──────── Data for the task

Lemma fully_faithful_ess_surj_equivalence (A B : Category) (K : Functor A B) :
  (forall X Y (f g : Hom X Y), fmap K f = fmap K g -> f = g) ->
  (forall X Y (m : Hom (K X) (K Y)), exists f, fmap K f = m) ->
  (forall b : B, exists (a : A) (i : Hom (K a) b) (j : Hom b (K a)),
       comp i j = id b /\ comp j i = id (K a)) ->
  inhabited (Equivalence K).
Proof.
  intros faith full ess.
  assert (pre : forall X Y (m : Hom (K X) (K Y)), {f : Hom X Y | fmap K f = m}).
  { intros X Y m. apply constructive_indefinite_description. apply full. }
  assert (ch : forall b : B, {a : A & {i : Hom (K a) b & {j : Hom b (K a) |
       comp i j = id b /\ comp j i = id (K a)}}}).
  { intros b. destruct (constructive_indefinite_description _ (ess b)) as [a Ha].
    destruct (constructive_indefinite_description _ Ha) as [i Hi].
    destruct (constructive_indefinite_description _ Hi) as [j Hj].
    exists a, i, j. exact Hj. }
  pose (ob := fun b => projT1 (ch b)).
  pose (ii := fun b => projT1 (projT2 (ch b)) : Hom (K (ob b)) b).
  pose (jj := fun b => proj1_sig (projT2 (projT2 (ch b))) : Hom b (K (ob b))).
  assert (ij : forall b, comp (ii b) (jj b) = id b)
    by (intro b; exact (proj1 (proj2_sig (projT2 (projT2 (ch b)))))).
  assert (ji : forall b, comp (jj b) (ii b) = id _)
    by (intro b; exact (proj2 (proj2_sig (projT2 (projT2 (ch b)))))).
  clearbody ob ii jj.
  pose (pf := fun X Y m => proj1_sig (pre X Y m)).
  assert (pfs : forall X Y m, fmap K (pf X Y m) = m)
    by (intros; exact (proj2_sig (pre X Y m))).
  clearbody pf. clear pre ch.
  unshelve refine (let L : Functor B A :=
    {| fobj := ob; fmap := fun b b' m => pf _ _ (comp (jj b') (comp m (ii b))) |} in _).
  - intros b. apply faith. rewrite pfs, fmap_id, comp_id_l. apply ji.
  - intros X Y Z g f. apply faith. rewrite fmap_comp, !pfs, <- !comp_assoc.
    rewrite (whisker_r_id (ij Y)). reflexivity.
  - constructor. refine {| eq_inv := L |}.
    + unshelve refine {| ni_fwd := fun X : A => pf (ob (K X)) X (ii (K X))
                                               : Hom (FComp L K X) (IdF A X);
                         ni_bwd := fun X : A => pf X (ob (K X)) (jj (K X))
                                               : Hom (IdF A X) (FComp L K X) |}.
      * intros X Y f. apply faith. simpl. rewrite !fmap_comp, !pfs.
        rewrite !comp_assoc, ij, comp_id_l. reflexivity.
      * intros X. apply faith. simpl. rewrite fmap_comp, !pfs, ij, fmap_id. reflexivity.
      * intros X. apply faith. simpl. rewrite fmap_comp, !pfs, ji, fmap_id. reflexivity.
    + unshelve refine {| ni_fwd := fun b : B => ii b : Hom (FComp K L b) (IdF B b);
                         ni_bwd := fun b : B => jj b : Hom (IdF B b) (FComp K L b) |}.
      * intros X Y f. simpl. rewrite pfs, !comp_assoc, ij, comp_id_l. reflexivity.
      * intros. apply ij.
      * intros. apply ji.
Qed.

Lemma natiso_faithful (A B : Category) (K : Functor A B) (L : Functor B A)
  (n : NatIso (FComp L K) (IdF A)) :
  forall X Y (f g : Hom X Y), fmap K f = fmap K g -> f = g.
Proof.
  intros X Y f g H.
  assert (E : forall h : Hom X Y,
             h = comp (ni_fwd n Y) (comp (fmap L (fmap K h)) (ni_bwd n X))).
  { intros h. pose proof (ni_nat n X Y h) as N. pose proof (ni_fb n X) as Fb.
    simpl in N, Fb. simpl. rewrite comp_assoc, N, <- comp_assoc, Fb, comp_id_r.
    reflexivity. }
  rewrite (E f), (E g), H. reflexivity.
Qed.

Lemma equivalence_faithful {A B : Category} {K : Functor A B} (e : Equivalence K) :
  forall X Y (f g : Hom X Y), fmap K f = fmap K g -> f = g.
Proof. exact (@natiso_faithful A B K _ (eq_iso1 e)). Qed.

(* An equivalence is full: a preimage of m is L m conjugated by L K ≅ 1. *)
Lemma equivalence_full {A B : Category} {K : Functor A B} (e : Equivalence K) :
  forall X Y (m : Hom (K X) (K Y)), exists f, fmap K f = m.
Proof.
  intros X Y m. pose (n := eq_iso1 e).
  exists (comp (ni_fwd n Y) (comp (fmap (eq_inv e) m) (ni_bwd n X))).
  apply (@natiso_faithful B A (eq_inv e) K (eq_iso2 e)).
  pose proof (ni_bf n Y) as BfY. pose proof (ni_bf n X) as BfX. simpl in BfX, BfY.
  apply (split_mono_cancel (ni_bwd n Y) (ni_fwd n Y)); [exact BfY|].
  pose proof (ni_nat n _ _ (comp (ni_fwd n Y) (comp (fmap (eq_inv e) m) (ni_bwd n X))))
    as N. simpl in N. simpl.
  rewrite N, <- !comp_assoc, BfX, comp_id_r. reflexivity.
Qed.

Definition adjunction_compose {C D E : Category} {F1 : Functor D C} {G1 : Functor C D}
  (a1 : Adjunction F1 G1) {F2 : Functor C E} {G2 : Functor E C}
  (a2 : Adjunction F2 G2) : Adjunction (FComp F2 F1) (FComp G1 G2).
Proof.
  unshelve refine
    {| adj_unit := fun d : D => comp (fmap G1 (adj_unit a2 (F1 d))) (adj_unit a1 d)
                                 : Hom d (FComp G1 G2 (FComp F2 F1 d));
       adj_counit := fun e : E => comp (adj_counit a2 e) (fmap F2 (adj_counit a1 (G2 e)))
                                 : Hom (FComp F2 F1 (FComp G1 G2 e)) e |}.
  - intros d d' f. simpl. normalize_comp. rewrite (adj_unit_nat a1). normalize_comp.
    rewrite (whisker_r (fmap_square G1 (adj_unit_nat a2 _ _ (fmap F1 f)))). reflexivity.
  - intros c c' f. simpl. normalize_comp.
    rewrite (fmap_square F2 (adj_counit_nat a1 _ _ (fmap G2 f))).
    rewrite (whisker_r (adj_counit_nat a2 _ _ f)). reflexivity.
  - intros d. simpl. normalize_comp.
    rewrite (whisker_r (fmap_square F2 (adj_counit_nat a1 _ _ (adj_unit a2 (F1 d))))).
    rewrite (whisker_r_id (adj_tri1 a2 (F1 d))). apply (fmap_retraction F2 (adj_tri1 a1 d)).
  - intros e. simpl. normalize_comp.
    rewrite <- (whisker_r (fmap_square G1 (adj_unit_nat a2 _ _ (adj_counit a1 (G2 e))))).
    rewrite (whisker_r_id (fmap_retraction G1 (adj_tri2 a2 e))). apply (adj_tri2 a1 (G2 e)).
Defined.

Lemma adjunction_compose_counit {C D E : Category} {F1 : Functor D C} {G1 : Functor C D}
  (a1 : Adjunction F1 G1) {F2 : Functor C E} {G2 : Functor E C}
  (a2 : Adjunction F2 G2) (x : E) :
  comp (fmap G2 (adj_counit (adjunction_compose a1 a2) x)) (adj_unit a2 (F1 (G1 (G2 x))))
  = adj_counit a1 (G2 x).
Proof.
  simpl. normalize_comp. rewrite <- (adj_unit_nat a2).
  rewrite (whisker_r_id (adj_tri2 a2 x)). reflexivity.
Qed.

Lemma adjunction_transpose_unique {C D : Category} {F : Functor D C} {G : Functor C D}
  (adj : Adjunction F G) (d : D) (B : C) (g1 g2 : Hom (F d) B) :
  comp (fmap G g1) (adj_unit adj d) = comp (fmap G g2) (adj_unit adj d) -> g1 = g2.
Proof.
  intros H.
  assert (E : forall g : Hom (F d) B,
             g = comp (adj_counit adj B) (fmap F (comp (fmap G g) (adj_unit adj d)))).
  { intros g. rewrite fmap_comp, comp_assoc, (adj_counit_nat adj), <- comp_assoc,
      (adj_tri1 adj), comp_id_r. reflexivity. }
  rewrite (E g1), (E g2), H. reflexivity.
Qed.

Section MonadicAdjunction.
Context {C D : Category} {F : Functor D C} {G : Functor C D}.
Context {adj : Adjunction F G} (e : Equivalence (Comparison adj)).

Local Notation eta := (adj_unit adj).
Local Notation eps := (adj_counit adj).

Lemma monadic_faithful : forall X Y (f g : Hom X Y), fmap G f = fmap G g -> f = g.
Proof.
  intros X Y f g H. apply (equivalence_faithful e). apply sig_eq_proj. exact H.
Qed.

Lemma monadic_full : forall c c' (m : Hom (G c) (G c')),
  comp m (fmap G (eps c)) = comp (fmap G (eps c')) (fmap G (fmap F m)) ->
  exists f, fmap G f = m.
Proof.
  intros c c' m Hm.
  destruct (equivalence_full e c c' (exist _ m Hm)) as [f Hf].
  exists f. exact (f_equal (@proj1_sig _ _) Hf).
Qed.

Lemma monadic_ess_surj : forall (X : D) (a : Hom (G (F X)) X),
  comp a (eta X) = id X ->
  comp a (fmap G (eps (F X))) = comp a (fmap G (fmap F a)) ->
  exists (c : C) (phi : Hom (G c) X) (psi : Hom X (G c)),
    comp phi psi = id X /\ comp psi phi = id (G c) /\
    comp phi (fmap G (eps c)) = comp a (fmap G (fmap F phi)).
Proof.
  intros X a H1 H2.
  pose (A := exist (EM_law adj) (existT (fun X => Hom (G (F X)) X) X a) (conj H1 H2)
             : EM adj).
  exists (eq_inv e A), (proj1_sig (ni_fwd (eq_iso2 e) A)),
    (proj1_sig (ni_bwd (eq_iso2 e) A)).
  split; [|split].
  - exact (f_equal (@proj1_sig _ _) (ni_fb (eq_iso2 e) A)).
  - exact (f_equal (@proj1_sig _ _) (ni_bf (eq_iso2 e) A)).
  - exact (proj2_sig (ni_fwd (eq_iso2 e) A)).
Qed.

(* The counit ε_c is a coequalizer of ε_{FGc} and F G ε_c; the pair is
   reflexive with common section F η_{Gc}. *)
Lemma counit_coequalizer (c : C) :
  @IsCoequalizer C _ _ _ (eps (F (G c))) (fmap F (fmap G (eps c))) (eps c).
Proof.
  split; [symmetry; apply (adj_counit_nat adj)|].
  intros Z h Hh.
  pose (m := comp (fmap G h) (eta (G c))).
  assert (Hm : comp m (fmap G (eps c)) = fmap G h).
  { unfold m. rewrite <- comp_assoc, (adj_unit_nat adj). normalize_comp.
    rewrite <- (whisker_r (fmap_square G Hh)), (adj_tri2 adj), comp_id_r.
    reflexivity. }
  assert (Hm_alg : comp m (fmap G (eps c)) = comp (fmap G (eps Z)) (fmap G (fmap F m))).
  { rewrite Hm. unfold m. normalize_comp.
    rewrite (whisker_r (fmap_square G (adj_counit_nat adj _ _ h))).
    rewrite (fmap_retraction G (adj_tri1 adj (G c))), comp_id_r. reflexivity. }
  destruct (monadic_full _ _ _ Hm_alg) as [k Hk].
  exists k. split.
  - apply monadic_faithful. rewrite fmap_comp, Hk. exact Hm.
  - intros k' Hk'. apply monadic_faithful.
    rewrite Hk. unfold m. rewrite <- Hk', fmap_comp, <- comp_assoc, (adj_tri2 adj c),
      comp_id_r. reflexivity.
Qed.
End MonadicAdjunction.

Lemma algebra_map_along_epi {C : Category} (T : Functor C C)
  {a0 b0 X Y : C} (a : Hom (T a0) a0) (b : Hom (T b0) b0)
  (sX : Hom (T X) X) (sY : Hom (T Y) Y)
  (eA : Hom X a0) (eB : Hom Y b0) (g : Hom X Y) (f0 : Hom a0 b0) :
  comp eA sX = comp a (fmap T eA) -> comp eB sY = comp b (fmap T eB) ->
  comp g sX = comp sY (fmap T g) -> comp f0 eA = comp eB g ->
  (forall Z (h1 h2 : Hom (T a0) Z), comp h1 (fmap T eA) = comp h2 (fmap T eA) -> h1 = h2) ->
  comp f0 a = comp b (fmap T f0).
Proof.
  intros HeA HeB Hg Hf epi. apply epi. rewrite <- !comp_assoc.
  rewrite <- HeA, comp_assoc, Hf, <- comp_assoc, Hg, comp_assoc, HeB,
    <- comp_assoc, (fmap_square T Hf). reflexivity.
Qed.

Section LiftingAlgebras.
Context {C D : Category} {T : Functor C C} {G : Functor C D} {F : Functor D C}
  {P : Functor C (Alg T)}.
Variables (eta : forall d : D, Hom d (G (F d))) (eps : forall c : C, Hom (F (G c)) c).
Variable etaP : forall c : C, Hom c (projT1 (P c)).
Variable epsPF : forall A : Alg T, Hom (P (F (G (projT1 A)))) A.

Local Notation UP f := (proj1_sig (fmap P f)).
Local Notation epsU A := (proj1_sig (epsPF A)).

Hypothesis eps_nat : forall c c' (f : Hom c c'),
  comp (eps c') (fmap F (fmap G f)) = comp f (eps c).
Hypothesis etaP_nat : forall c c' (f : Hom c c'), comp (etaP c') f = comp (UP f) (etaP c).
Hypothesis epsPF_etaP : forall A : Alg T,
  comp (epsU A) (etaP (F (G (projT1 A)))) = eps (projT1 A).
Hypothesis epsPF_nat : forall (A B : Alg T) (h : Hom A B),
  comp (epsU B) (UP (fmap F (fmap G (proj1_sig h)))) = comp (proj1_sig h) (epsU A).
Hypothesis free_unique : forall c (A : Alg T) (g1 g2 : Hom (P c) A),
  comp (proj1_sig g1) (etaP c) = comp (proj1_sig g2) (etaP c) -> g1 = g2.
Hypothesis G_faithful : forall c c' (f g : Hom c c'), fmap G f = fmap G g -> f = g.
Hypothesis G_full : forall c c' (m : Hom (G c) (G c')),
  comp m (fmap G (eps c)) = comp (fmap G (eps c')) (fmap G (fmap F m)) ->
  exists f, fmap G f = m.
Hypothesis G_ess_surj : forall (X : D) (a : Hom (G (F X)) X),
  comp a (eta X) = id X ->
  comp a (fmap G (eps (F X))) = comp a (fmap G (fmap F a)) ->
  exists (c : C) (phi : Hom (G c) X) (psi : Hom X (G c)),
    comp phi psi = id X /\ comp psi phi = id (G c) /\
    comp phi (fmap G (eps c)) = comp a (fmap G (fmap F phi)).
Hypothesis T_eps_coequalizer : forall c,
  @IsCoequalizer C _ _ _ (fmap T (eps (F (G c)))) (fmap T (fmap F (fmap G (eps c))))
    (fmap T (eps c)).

────────────────
──────── Data for the task

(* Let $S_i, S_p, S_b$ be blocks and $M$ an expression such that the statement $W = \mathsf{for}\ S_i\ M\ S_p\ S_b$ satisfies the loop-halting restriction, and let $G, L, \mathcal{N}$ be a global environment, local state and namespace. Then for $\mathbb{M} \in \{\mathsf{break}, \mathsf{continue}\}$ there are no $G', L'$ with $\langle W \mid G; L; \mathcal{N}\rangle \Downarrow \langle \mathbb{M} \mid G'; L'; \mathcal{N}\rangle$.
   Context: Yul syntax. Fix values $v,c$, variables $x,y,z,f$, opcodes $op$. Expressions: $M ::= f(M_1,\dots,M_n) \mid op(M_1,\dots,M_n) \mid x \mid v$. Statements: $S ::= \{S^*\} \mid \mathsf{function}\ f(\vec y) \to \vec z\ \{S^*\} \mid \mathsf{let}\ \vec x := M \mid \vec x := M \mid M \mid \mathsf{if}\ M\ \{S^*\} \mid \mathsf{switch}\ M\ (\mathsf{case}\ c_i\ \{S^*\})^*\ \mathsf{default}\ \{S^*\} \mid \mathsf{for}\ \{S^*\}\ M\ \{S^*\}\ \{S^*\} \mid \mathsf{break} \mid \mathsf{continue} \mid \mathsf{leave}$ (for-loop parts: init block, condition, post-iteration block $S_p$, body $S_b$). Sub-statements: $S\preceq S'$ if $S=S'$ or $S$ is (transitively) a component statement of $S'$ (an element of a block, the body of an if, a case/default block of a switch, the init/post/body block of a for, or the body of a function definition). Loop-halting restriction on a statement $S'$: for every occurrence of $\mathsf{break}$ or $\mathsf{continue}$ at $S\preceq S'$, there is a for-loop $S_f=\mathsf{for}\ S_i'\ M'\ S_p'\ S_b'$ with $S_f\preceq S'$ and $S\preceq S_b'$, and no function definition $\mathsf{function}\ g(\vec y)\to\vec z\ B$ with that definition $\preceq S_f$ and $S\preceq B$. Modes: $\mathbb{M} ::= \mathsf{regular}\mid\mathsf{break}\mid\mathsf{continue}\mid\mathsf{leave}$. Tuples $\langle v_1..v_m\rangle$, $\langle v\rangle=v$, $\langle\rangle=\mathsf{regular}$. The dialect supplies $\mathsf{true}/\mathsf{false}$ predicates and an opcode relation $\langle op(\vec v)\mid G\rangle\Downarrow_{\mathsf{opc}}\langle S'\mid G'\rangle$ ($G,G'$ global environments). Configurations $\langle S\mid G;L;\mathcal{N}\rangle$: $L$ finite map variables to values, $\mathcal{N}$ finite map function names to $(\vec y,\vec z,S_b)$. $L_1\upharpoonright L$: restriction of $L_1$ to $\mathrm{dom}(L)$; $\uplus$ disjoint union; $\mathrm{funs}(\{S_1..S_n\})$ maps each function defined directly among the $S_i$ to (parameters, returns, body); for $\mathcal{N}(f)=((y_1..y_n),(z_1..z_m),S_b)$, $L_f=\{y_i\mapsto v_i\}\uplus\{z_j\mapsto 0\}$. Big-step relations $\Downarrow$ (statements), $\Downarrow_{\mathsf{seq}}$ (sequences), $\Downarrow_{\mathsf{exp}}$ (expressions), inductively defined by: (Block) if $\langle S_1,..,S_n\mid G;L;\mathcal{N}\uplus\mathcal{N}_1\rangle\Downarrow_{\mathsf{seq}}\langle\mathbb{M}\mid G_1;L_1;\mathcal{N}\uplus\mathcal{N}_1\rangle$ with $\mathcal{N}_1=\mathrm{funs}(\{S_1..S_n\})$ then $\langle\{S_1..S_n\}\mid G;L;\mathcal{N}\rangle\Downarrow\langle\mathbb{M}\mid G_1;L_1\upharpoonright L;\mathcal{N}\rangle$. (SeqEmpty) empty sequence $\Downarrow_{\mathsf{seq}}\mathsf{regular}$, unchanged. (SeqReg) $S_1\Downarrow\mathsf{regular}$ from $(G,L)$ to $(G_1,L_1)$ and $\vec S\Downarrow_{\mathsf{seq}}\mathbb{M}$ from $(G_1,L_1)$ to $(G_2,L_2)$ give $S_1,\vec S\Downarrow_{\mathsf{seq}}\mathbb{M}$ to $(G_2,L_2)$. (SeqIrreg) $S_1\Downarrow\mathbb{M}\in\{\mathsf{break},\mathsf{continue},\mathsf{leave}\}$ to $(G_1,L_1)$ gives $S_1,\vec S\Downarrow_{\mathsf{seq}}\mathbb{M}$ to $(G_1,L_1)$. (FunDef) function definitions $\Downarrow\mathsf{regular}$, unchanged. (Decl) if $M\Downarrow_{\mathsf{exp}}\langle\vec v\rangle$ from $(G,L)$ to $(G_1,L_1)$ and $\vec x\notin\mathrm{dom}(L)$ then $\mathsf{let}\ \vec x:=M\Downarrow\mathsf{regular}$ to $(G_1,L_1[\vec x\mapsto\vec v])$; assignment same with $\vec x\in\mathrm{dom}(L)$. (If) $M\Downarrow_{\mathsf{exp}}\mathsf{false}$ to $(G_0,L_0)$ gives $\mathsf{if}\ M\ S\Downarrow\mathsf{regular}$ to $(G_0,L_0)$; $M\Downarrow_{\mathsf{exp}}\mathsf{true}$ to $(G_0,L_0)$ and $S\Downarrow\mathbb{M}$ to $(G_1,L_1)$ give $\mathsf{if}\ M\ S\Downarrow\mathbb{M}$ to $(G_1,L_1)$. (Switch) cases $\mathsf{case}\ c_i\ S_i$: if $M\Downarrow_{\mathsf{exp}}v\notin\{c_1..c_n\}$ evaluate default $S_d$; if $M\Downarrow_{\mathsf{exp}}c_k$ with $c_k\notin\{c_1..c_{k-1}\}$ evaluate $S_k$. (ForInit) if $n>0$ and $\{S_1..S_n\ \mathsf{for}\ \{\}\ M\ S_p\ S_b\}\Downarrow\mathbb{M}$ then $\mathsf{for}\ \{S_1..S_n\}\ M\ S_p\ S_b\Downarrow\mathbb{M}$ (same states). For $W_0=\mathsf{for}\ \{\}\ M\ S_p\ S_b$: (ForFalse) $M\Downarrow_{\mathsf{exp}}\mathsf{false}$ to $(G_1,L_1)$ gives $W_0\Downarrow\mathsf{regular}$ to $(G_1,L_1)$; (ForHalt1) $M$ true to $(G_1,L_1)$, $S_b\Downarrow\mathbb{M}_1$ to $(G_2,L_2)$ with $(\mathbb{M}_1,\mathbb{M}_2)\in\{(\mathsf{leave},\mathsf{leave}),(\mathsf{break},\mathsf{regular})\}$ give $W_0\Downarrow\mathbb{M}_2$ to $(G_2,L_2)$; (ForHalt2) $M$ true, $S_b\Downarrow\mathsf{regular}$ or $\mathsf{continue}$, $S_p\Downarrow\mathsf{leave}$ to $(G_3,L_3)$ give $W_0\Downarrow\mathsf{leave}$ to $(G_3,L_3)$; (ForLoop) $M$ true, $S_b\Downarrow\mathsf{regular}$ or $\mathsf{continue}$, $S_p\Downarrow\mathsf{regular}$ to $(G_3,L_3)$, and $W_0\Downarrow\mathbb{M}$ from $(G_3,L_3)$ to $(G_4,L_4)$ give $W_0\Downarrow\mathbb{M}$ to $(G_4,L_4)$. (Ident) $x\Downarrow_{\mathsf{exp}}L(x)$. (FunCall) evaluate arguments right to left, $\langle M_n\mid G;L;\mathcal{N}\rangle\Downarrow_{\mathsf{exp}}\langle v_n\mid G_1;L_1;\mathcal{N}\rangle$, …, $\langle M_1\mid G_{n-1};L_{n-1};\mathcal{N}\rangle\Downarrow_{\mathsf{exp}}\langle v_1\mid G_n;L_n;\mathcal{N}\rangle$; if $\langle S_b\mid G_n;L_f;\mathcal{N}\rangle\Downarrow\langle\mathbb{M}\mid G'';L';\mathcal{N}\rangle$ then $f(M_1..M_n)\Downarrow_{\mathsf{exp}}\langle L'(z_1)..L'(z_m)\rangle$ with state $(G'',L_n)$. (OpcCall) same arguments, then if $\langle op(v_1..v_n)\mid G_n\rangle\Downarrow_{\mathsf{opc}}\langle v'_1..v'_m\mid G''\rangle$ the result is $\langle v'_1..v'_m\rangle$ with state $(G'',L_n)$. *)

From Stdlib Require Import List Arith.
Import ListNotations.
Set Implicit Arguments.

────────────────

Restate word for word the entries above, starting at the line with "by (intro b; exact (proj2" and ending at the line with "rewrite !comp_assoc, ij, comp_id_l.", inclusive, and no others.

    by (intro b; exact (proj2 (proj2_sig (projT2 (projT2 (ch b)))))).
  clearbody ob ii jj.
  pose (pf := fun X Y m => proj1_sig (pre X Y m)).
  assert (pfs : forall X Y m, fmap K (pf X Y m) = m)
    by (intros; exact (proj2_sig (pre X Y m))).
  clearbody pf. clear pre ch.
  unshelve refine (let L : Functor B A :=
    {| fobj := ob; fmap := fun b b' m => pf _ _ (comp (jj b') (comp m (ii b))) |} in _).
  - intros b. apply faith. rewrite pfs, fmap_id, comp_id_l. apply ji.
  - intros X Y Z g f. apply faith. rewrite fmap_comp, !pfs, <- !comp_assoc.
    rewrite (whisker_r_id (ij Y)). reflexivity.
  - constructor. refine {| eq_inv := L |}.
    + unshelve refine {| ni_fwd := fun X : A => pf (ob (K X)) X (ii (K X))
                                               : Hom (FComp L K X) (IdF A X);
                         ni_bwd := fun X : A => pf X (ob (K X)) (jj (K X))
                                               : Hom (IdF A X) (FComp L K X) |}.
      * intros X Y f. apply faith. simpl. rewrite !fmap_comp, !pfs.
        rewrite !comp_assoc, ij, comp_id_l. reflexivity.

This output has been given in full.